The docs include a fairly long explanation on why Apple doesn't want you to do this and why they explicitly do not support it in Receiving Mutable Objects. The summary is:
So don’t make a decision on object
mutability based on what introspection
tells you about an object. Treat
objects as mutable or not based on
what you are handed at the API
boundaries (that is, based on the
return type). If you need to
unambiguously mark an object as
mutable or immutable when you pass it
to clients, pass that information as a
flag along with the object.
I find their NSView example the easiest to understand, and it illustrates a basic Cocoa problem. You have an NSMutableArray called "elements" that you want to expose as an array, but don't want callers to mess with. You have several options:
Expose your NSMutableArray as an NSArray.
Always make a non-mutable copy when requested
Store elements as an NSArray and create a new array every time it mutates.
I've done all of these at various points. #1 is by far the simplest and fastest solution. It's also dangerous, since the array might mutate behind the caller's back. But Apple indicates it's what they do in some cases (note the warning for -subviews in NSView). I can confirm that while #2 and #3 are much safer, they can create major performance problems, which is probably why Apple has chosen not to use them on oft-accessed members like -subviews.
The upshot of all of this is that if you use #1, then introspection will mislead you. You have an NSMutableArray cast as an NSArray, and introspection will indicate that it's mutable (introspection has no way to know otherwise). But you must not mutate it.
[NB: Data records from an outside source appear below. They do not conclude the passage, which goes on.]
Section MatrixLimits.
Variable R : realType.
Implicit Types a b c : nat.

Lemma mx_entry_le_norm a b (M : 'M[R]_(a, b)) i j : `|M i j| <= `|M|.
Proof.
rewrite [leRHS]/Num.Def.normr /= mx_normrE; apply/bigmax_geP; right.
by exists (i, j).
Qed.

Lemma mx_norm_lt a b (M : 'M[R]_(a, b)) e :
  0 < e -> (forall i j, `|M i j| < e) -> `|M| < e.
Proof.
move=> e0 Me; rewrite [ltLHS]/Num.Def.normr /= mx_normrE.
by apply: (big_ind (fun y => y < e)) => // x y; rewrite gt_max => -> ->.
Qed.

Lemma cvg_mxP a b (u : nat -> 'M[R]_(a, b)) (X : 'M[R]_(a, b)) :
  u @ \oo --> X <-> forall i j, (fun k => u k i j) @ \oo --> X i j.
Proof.
split=> [uX i j|uX]; first exact: cvg_comp uX (@coord_continuous _ _ _ i j X).
apply/cvgrPdist_lt => e e0.
have : \forall k \near \oo, forall ij : 'I_a * 'I_b,
    `|X ij.1 ij.2 - u k ij.1 ij.2| < e.
  by apply: filter_forall => -[i j]; move/cvgrPdist_lt : (uX i j); exact.
apply: filterS => k ek; apply: mx_norm_lt => // i j; rewrite !mxE.
exact: (ek (i, j)).
Qed.

Lemma cvg_mulmxl a b c (A : 'M[R]_(c, a)) (u : nat -> 'M[R]_(a, b)) (X : 'M[R]_(a, b)) :
  u @ \oo --> X -> (fun k => A *m u k) @ \oo --> A *m X.
Proof.
move=> /cvg_mxP uX; apply/cvg_mxP => i j; rewrite mxE; under eq_cvg do rewrite mxE.
by apply: cvg_sum_ord => d; apply: cvgM; [exact: cvg_cst | exact: uX].
Qed.

Lemma cvg_mulmxr a b c (B : 'M[R]_(b, c)) (u : nat -> 'M[R]_(a, b)) (X : 'M[R]_(a, b)) :
  u @ \oo --> X -> (fun k => u k *m B) @ \oo --> X *m B.
Proof.
move=> /cvg_mxP uX; apply/cvg_mxP => i j; rewrite mxE; under eq_cvg do rewrite mxE.
by apply: cvg_sum_ord => d; apply: cvgM; [exact: uX | exact: cvg_cst].
Qed.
Only the compile-time type check can tell you that, and so it's the only thing you can trust.
The fix for this would be some kind of fast copy-on-write immutable version of a mutable data structure. That way #2 could possibly be done with decent performance. I can imagine changes to the NSArray cluster that would allow this, but it doesn't exist in Cocoa today (and could impact NSArray performance in the normal case, making it a non-starter). Even if we had it, there's probably too much code out there that relies on the current behavior to ever allow mutability introspection to be trusted.
There's no (documented) way to determine if a string is mutable at runtime or not.
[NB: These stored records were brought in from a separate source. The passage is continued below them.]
(* Let $s\in\mathbb N$, $R,p,\beta>0$, and let $\mathcal G$ be an $s$-uniform hypergraph. If $\mathcal G[W]$ is $(p,R)$-Janson for every $W\subset V(\mathcal G)$ with $|W|\ge(1-\beta)v(\mathcal G)$, then there exists $\mu:\mathcal G\to\mathbb R_{\ge0}$ with $$e(\mu)=\sqrt R,\qquad\Lambda_p(\mu)<\frac{e(\mu)^2}{R}\qquad\text{and}\qquad\sum_{v\in V(\mathcal G)}d_\mu(v)^2\le\frac{2s^2e(\mu)^2}{\beta\,v(\mathcal G)}.$$
   Context: A hypergraph is identified with its edge set; $v(\mathcal G)=|V(\mathcal G)|$; $\mathcal G[W]=\{E\in\mathcal G:E\subset W\}$. For $\nu:\mathcal G\to\mathbb R_{\ge0}$: $e(\nu)=\sum_E\nu(E)$, $d_\nu(L)=\sum_{E\in\mathcal G,L\subset E}\nu(E)$ (with $d_\nu(v)=d_\nu(\{v\})$), $\Lambda_p(\nu)=\sum_{L\subset V(\mathcal G),|L|\ge2}d_\nu(L)^2p^{-|L|}$. $\mathcal G$ is $(p,R)$-Janson if some $\nu:\mathcal G\to\mathbb R_{\ge0}$ has $\Lambda_p(\nu)<e(\nu)^2/R$. *)

(* Hypergraph on vertex type T : finType (V(G) = T),
   identified with its edge set G : {set {set T}}. *)
From mathcomp Require Import all_boot all_order all_algebra.
From mathcomp Require Import reals.
Set Implicit Arguments. Unset Strict Implicit. Unset Printing Implicit Defensive.
Import Order.TTheory GRing.Theory Num.Theory.
Local Open Scope ring_scope.

Section Hyper.
Variables (K : realType) (T : finType).

Definition induced (G : {set {set T}}) (W : {set T}) : {set {set T}} :=
  [set E in G | E \subset W].

Definition uniform (s : nat) (G : {set {set T}}) : Prop :=
  forall E, E \in G -> #|E| = s.

(* nu : G -> R_{>=0} (values outside G are irrelevant) *)
Definition nonneg_weight (G : {set {set T}}) (nu : {set T} -> K) : Prop :=
  forall E, E \in G -> 0 <= nu E.

Definition ew (G : {set {set T}}) (nu : {set T} -> K) : K :=
  \sum_(E in G) nu E.

Definition deg (G : {set {set T}}) (nu : {set T} -> K) (L : {set T}) : K :=
  \sum_(E in G | L \subset E) nu E.

Definition Lambda (p : K) (G : {set {set T}}) (nu : {set T} -> K) : K :=
  \sum_(L : {set T} | (1 < #|L|)%N) (deg G nu L) ^+ 2 * p ^- #|L|.

Definition janson (p R : K) (G : {set {set T}}) : Prop :=
  exists nu : {set T} -> K,
    nonneg_weight G nu /\ Lambda p G nu < (ew G nu) ^+ 2 / R.

End Hyper.

From mathcomp Require Import all_boot all_order all_algebra.
From mathcomp Require Import reals.
From mathcomp Require Import ring lra.
Set Implicit Arguments. Unset Strict Implicit. Unset Printing Implicit Defensive.
Import Order.TTheory GRing.Theory Num.Theory.
Local Open Scope ring_scope.

(* Normalise Janson weights to total weight 1, so that Lambda < 1/R, and look at
   the degree energy Q(x) = sum_v d_x(v)^2, which is at most s.  If Q(x) > 2B with
   B = s^2/(beta n), Markov's inequality shows that the vertices of degree at most
   s/(beta n) form a set W with |W| >= (1 - beta) n.  A unit Janson weight nu of
   G[W] then has cross term sum_v d_x(v) d_nu(v) <= B, so moving from x towards nu
   by t = Q(x)/(2s) keeps Lambda < 1/R (Lambda is convex) and lowers Q by at least
   B^2/s.  Finitely many steps reach Q <= 2B; scaling by sqrt R gives mu. *)

Lemma card_le_markov (R : realFieldType) (T : finType) (f : T -> R) (c : R) :
  0 < c -> (forall v, 0 <= f v) ->
  #|T|%:R - (\sum_v f v) / c <= #|[set v | f v <= c]|%:R.
Proof.
move=> c_gt0 f_ge0; set A := [set v | f v <= c].
have : #|~: A|%:R * c <= \sum_v f v.
  rewrite mulr_natl -sumr_const [X in _ <= X](bigID (fun v => v \in ~: A)) /=.
  rewrite -[X in X <= _]addr0 lerD ?sumr_ge0 //.
  by apply: ler_sum => v; rewrite !inE -ltNge => /ltW.
rewrite -ler_pdivlMr // -(cardsC A) natrD; lra.
Qed.

Lemma mix_quadratic_le (R : realFieldType) (s q t B C Q : R) :
  0 < s -> q = 2 * t * s -> 0 <= B -> 2 * B < q -> q <= s -> C <= B -> Q <= s ->
  (1 - t) ^+ 2 * q + 2 * (1 - t) * t * C + t ^+ 2 * Q <= q - B ^+ 2 / s.
Proof.
move=> s_gt0 qE B_ge0 Bq qs CB Qs.
have t_gt0 : 0 < t by nra.
have t_le : t <= 1/2 by nra.
have tt_ge0 : 0 <= (1 - t) * t by apply: mulr_ge0; lra.
have cross_le : 2 * (1 - t) * t * C <= (1 - t) * t * q by nra.
have Q_le : t ^+ 2 * Q <= t * q / 2 by nra.
have B_le : B ^+ 2 <= t * q / 2 * s by nra.
suff : B ^+ 2 / s <= t * q / 2 by nra.
by rewrite ler_pdivrMr.
Qed.

Lemma archi_descent (R : archiRealFieldType) (X : Type) (P : X -> Prop)
    (f : X -> R) (b d : R) :
  0 < d -> (forall x, P x -> b < f x -> exists2 y, P y & f y <= f x - d) ->
  forall x, P x -> exists2 y, P y & f y <= b.
Proof.
move=> d_gt0 step x Px.
have [k fx_le] : exists k : nat, f x <= b + k%:R * d.
  have := le_lt_trans (ler_norm _) (archi_boundP (normr_ge0 ((f x - b) / d))).
  rewrite ltr_pdivrMr // => fx_lt.
  by exists (Num.bound `|(f x - b) / d|); lra.
elim: k x Px fx_le => [|k IHk] x Px fx_le.
  by exists x; rewrite mul0r addr0 in fx_le.
have [fx_le_b|b_lt_fx] := lerP (f x) b; first by exists x.
have [y Py fy_le] := step x Px b_lt_fx.
apply: (IHk y Py); rewrite -natr1 mulrDl mul1r in fx_le; lra.
Qed.

Section Weights.
Variables (K : realType) (T : finType) (G : {set {set T}}).
Implicit Types (x y : {set T} -> K) (L : {set T}).

Lemma deg_lincomb (a b : K) x y L :
  deg G (fun E => a * x E + b * y E) L = a * deg G x L + b * deg G y L.
Proof. by rewrite /deg big_split /= -!mulr_sumr. Qed.

Lemma ew_lincomb (a b : K) x y :
  ew G (fun E => a * x E + b * y E) = a * ew G x + b * ew G y.
Proof. by rewrite /ew big_split /= -!mulr_sumr. Qed.

Lemma deg_scale (a : K) x L : deg G (fun E => a * x E) L = a * deg G x L.
Proof. by rewrite /deg -mulr_sumr. Qed.

Lemma ew_scale (a : K) x : ew G (fun E => a * x E) = a * ew G x.
Proof. by rewrite /ew -mulr_sumr. Qed.

Lemma deg_ge0 x L : nonneg_weight G x -> 0 <= deg G x L.
Proof. by move=> x_ge0; apply: sumr_ge0 => E /andP[/x_ge0]. Qed.

Lemma deg_le_ew x L : nonneg_weight G x -> deg G x L <= ew G x.
Proof.
move=> x_ge0; rewrite /deg /ew big_mkcondr /=; apply: ler_sum => E /x_ge0.
by case: ifP.
Qed.

Lemma sum_deg_set1 s x : uniform s G ->
  \sum_(v : T) deg G x [set v] = s%:R * ew G x.
Proof.
move=> uG; rewrite /deg /ew.
under eq_bigr => v _ do rewrite big_mkcondr /=.
rewrite exchange_big /= mulr_sumr; apply: eq_bigr => E GE.
rewrite -big_mkcond /=.
under eq_bigl => v do rewrite sub1set.
by rewrite sumr_const uG // mulr_natl.
Qed.

Definition deg_energy x : K := \sum_(v : T) deg G x [set v] ^+ 2.

Lemma deg_energy_ge0 x : 0 <= deg_energy x.
Proof. by apply: sumr_ge0 => v _; apply: sqr_ge0. Qed.

Lemma deg_energy_le s x : uniform s G -> nonneg_weight G x ->
  deg_energy x <= s%:R * ew G x ^+ 2.
Proof.
move=> uG x_ge0; rewrite expr2 mulrA mulrAC -(sum_deg_set1 x uG) mulr_suml.
apply: ler_sum => v _; rewrite expr2 ler_wpM2l ?deg_ge0 //.
exact: deg_le_ew.
Qed.

Lemma deg_energy_lincomb (a b : K) x y :
  deg_energy (fun E => a * x E + b * y E) =
  a ^+ 2 * deg_energy x + 2 * a * b * \sum_(v : T) deg G x [set v] * deg G y [set v]
  + b ^+ 2 * deg_energy y.
Proof.
rewrite /deg_energy !mulr_sumr -!big_split /=; apply: eq_bigr => v _.
by rewrite deg_lincomb; ring.
Qed.

Variable p : K.
Hypothesis p_gt0 : 0 < p.

Lemma Lambda_ge0 x : 0 <= Lambda p G x.
Proof.
apply: sumr_ge0 => L _; apply: mulr_ge0; first exact: sqr_ge0.
by rewrite invr_ge0 exprn_ge0 // ltW.
Qed.

Lemma Lambda_scale (a : K) x : Lambda p G (fun E => a * x E) = a ^+ 2 * Lambda p G x.
Proof.
rewrite /Lambda mulr_sumr; apply: eq_bigr => L _.
by rewrite deg_scale exprMn mulrA.
Qed.

Lemma Lambda_convex (t : K) x y : 0 <= t <= 1 ->
  Lambda p G (fun E => (1 - t) * x E + t * y E)
   <= (1 - t) * Lambda p G x + t * Lambda p G y.
Proof.
move=> /andP[t_ge0 t_le1].
rewrite /Lambda !mulr_sumr -big_split /=; apply: ler_sum => L _.
rewrite deg_lincomb.
set a := deg G x L; set b := deg G y L; set c := p ^- #|L|.
have c_ge0 : 0 <= c by rewrite /c invr_ge0 exprn_ge0 // ltW.
have -> : (1 - t) * (a ^+ 2 * c) + t * (b ^+ 2 * c)
   = ((1 - t) * a + t * b) ^+ 2 * c + t * (1 - t) * (a - b) ^+ 2 * c by ring.
rewrite lerDl; apply: mulr_ge0 => //; apply: mulr_ge0; last exact: sqr_ge0.
by apply: mulr_ge0 => //; rewrite subr_ge0.
Qed.

End Weights.

Definition unit_janson_weight (K : realType) (T : finType) (p R : K)
    (G : {set {set T}}) (x : {set T} -> K) :=
  [/\ nonneg_weight G x, ew G x = 1 & Lambda p G x < R^-1].

Lemma janson_unit_weight (K : realType) (T : finType) (p R : K) (G : {set {set T}}) :
  0 < p -> 0 < R -> janson p R G -> exists x, unit_janson_weight p R G x.
Proof.
move=> p_gt0 R_gt0 [nu [nu_ge0 Lnu_lt]].
set e := ew G nu in Lnu_lt.
have e_ge0 : 0 <= e by apply: sumr_ge0 => E /nu_ge0.
have e_neq0 : e != 0.
  apply: contraTneq (le_lt_trans (Lambda_ge0 G p_gt0 nu) Lnu_lt) => ->.
  by rewrite expr0n mul0r ltxx.
have e_gt0 : 0 < e by rewrite lt_def e_neq0.
exists (fun E => e^-1 * nu E); split.
- by move=> E /nu_ge0; apply: mulr_ge0; rewrite invr_ge0.
- by rewrite ew_scale mulVf.
- rewrite Lambda_scale //.
  have -> : R^-1 = e^-1 ^+ 2 * (e ^+ 2 / R).
    by rewrite mulrA -exprMn mulVf // expr1n mul1r.
  by rewrite ltr_pM2l // exprn_gt0 // invr_gt0.
Qed.

Lemma unit_janson_weight_convex (K : realType) (T : finType) (p R : K)
    (G : {set {set T}}) (t : K) x y :
  0 < p -> 0 <= t <= 1 ->
  unit_janson_weight p R G x -> unit_janson_weight p R G y ->
  unit_janson_weight p R G (fun E => (1 - t) * x E + t * y E).
Proof.
move=> p_gt0 /andP[t_ge0 t_le1] [x_ge0 x_ew x_Lambda] [y_ge0 y_ew y_Lambda]; split.
- by move=> E GE; rewrite addr_ge0 // mulr_ge0 ?x_ge0 ?y_ge0 ?subr_ge0.
- by rewrite ew_lincomb x_ew y_ew !mulr1 subrK.
- apply: le_lt_trans (Lambda_convex _ p_gt0 _ _ _) _; first by rewrite t_ge0.
  have -> : R^-1 = (1 - t) * R^-1 + t * R^-1 by ring.
  have [->|t_neq1] := eqVneq t 1; first by rewrite subrr !mul0r !add0r !mul1r.
  apply: ltr_leD; last by rewrite ler_wpM2l // ltW.
  by rewrite ltr_pM2l // subr_gt0 lt_neqAle t_neq1.
Qed.

Section Induced.
Variables (K : realType) (T : finType) (G : {set {set T}}) (W : {set T}).

Definition extend_induced (nu : {set T} -> K) (E : {set T}) : K :=
  if E \subset W then nu E else 0.

Lemma deg_extend_induced nu L :
  deg G (extend_induced nu) L = deg (induced G W) nu L.
Proof.
rewrite /deg /extend_induced -big_mkcondr /=.
by apply: eq_bigl => E; rewrite inE andbAC.
Qed.

Lemma ew_extend_induced nu : ew G (extend_induced nu) = ew (induced G W) nu.
Proof.
have ew_deg0 H x : ew H x = deg H x set0.
  by apply: eq_bigl => E; rewrite sub0set andbT.
by rewrite !ew_deg0 deg_extend_induced.
Qed.

Lemma unit_janson_weight_extend_induced (p R : K) nu :
  unit_janson_weight p R (induced G W) nu ->
  unit_janson_weight p R G (extend_induced nu).
Proof.
case=> nu_ge0 nu_ew nu_Lambda; split.
- move=> E GE; rewrite /extend_induced; case: ifP => // EW.
  by apply: nu_ge0; rewrite inE GE EW.
- by rewrite ew_extend_induced.
- rewrite /Lambda; under eq_bigr do rewrite deg_extend_induced.
  exact: nu_Lambda.
Qed.

Lemma deg_extend_induced_notin nu v :
  v \notin W -> deg G (extend_induced nu) [set v] = 0.
Proof.
move=> vW; rewrite deg_extend_induced /deg big1 // => E /andP[].
rewrite inE sub1set => /andP[_ /subsetP EW] /EW.
by rewrite (negbTE vW).
Qed.

End Induced.

Section LowEnergy.
Variables (K : realType) (T : finType) (G : {set {set T}}) (s : nat) (p R beta : K).
Hypotheses (p_gt0 : 0 < p) (R_gt0 : 0 < R) (beta_gt0 : 0 < beta) (uG : uniform s G).
Hypothesis janson_large : forall W : {set T},
  (1 - beta) * #|T|%:R <= #|W|%:R -> janson p R (induced G W).

Let n : K := #|T|%:R.
Let B : K := s%:R ^+ 2 / (beta * n).

Let B_ge0 : 0 <= B.
Proof. by apply: divr_ge0; [exact: sqr_ge0 | apply: mulr_ge0; [exact: ltW | exact: ler0n]]. Qed.

Lemma deg_energy_step : (0 < s)%N -> (0 < #|T|)%N -> forall x,
  unit_janson_weight p R G x -> 2 * B < deg_energy G x ->
  exists2 y, unit_janson_weight p R G y &
    deg_energy G y <= deg_energy G x - B ^+ 2 / s%:R.
Proof.
move=> s_gt0 T_gt0 x ux q_gt; have [x_ge0 x_ew _] := ux.
have n_gt0 : 0 < n by rewrite ltr0n.
have sK_gt0 : (0 : K) < s%:R by rewrite ltr0n.
set th := s%:R / (beta * n).
have th_gt0 : 0 < th by rewrite divr_gt0 ?mulr_gt0.
pose W := [set v | deg G x [set v] <= th].
have W_large : (1 - beta) * n <= #|W|%:R.
  have := card_le_markov th_gt0 (fun v => deg_ge0 [set v] x_ge0).
  rewrite (sum_deg_set1 _ uG) x_ew mulr1 /th invf_div mulrCA divff ?mulr1 ?gt_eqF ?ltr0n //.
  by rewrite mulrBl mul1r.
have [nu' u_nu'] := janson_unit_weight p_gt0 R_gt0 (janson_large W_large).
set nu := extend_induced W nu'.
have u_nu : unit_janson_weight p R G nu := unit_janson_weight_extend_induced u_nu'.
have [nu_ge0 nu_ew _] := u_nu.
have cross_le : \sum_v deg G x [set v] * deg G nu [set v] <= B.
  apply: (@le_trans _ _ (\sum_v th * deg G nu [set v])).
    apply: ler_sum => v _; have [vW | vW] := boolP (v \in W).
      by rewrite ler_wpM2r ?deg_ge0 //; move: vW; rewrite inE.
    by rewrite deg_extend_induced_notin // !mulr0.
  by rewrite -mulr_sumr (sum_deg_set1 _ uG) nu_ew mulr1 /B expr2 mulrAC.
set q := deg_energy G x.
have q_le : q <= s%:R by have := deg_energy_le uG x_ge0; rewrite x_ew expr1n mulr1.
set t := q / (2 * s%:R).
have qE : q = 2 * t * s%:R.
  by rewrite /t [2 * _]mulrC -mulrA divfK // mulf_neq0 ?gt_eqF.
have t_01 : 0 <= t <= 1.
  apply/andP; split; first by rewrite divr_ge0 ?deg_energy_ge0 ?mulr_ge0 ?ler0n.
  by rewrite ler_pdivrMr ?mulr_gt0 //; lra.
exists (fun E => (1 - t) * x E + t * nu E).
  exact: unit_janson_weight_convex.
rewrite deg_energy_lincomb; apply: mix_quadratic_le => //.
by have := deg_energy_le uG nu_ge0; rewrite nu_ew expr1n mulr1.
Qed.

Lemma exists_low_deg_energy x : unit_janson_weight p R G x ->
  exists2 y, unit_janson_weight p R G y & deg_energy G y <= 2 * B.
Proof.
move=> ux; have [x_ge0 _ _] := ux.
have [s0 | s_gt0] := posnP s.
  exists x => //; apply: le_trans (deg_energy_le uG x_ge0) _.
  by rewrite s0 mul0r; apply: mulr_ge0.
have [T0 | T_gt0] := posnP #|T|.
  exists x => //; rewrite /deg_energy big_pred0 => [|v]; first exact: mulr_ge0.
  by have := card0_eq T0 v; rewrite !inE.
have B_gt0 : 0 < B by rewrite /B /n divr_gt0 ?exprn_gt0 ?mulr_gt0 ?ltr0n.
apply: (archi_descent _ (deg_energy_step s_gt0 T_gt0) ux).
by rewrite divr_gt0 ?exprn_gt0 ?ltr0n.
Qed.

End LowEnergy.

Theorem lemma7p5 (K : realType) (s : nat) (R p beta : K)
  (hR : 0 < R) (hp : 0 < p) (hbeta : 0 < beta)
  (T : finType) (G : {set {set T}}) :
  uniform s G ->
  (forall W : {set T}, (1 - beta) * #|T|%:R <= #|W|%:R ->
      janson p R (induced G W)) ->
  exists mu : {set T} -> K,
    [/\ nonneg_weight G mu,
        ew G mu = Num.sqrt R,
        Lambda p G mu < (ew G mu) ^+ 2 / R &
        \sum_(v : T) (deg G mu [set v]) ^+ 2
          <= 2 * (s%:R) ^+ 2 * (ew G mu) ^+ 2 / (beta * #|T|%:R)].
Proof.
move=> uG janson_large.
have setT_large : (1 - beta) * #|T|%:R <= #|[set: T]|%:R.
  by rewrite cardsT ler_piMl ?ler0n // lerBlDr lerDl ltW.
have [x ux] := janson_unit_weight hp hR (janson_large _ setT_large).
have [y [y_ge0 y_ew y_Lambda] y_energy] :=
  exists_low_deg_energy hp hR hbeta uG janson_large (unit_janson_weight_extend_induced ux).
have sqrtR2 : Num.sqrt R ^+ 2 = R by rewrite sqr_sqrtr // ltW.
exists (fun E => Num.sqrt R * y E); rewrite ew_scale y_ew mulr1 sqrtR2; split.
- by move=> E GE; rewrite mulr_ge0 ?sqrtr_ge0 ?y_ge0.
- by [].
- by rewrite Lambda_scale // sqrtR2 ltr_pM2l.
- under eq_bigr do rewrite deg_scale exprMn sqrtR2.
  have -> : 2 * s%:R ^+ 2 * R / (beta * #|T|%:R)
           = R * (2 * (s%:R ^+ 2 / (beta * #|T|%:R))) by ring.
  by rewrite -mulr_sumr ler_pM2l.
Qed.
You would expect one of the following would work, but none of them work:
[[s class] isKindOfClass:[NSMutableString class]]; // always returns false
[s isMemberOfClass:[NSMutableString class]]; // always returns false
[s respondsToSelector:#selector(appendString)]; // always returns true
More info here, although it doesn't help you with the problem:
http://www.cocoabuilder.com/archive/cocoa/111173-mutability.html
If you want to check for debugging purposes the following code should work. Copy on immutable object is itself, while it's a true copy for mutable types, that's what the code is based on. Note that since it's calling copy it's slow, but should be fine for debugging. If you'd like to check for any other reasons than debugging see Rob answer (and forget about it).
BOOL isMutable(id object)
{
id copy = [object copy];
BOOL copyIsADifferentObject = (copy != object);
[copy release];
return copyIsADifferentObject;
}
Disclaimer: of course there is no guarantee that copy is equivalent with retain for immutable types. You can be sure that if isMutable returns NO then it's not mutable so the function should be probably named canBeMutable. In the real world however, it's a pretty safe assumption that immutable types (NSString,NSArray) will implement this optimization. There is a lot of code out including basic things like NSDictionary that expects fast copy from immutable types.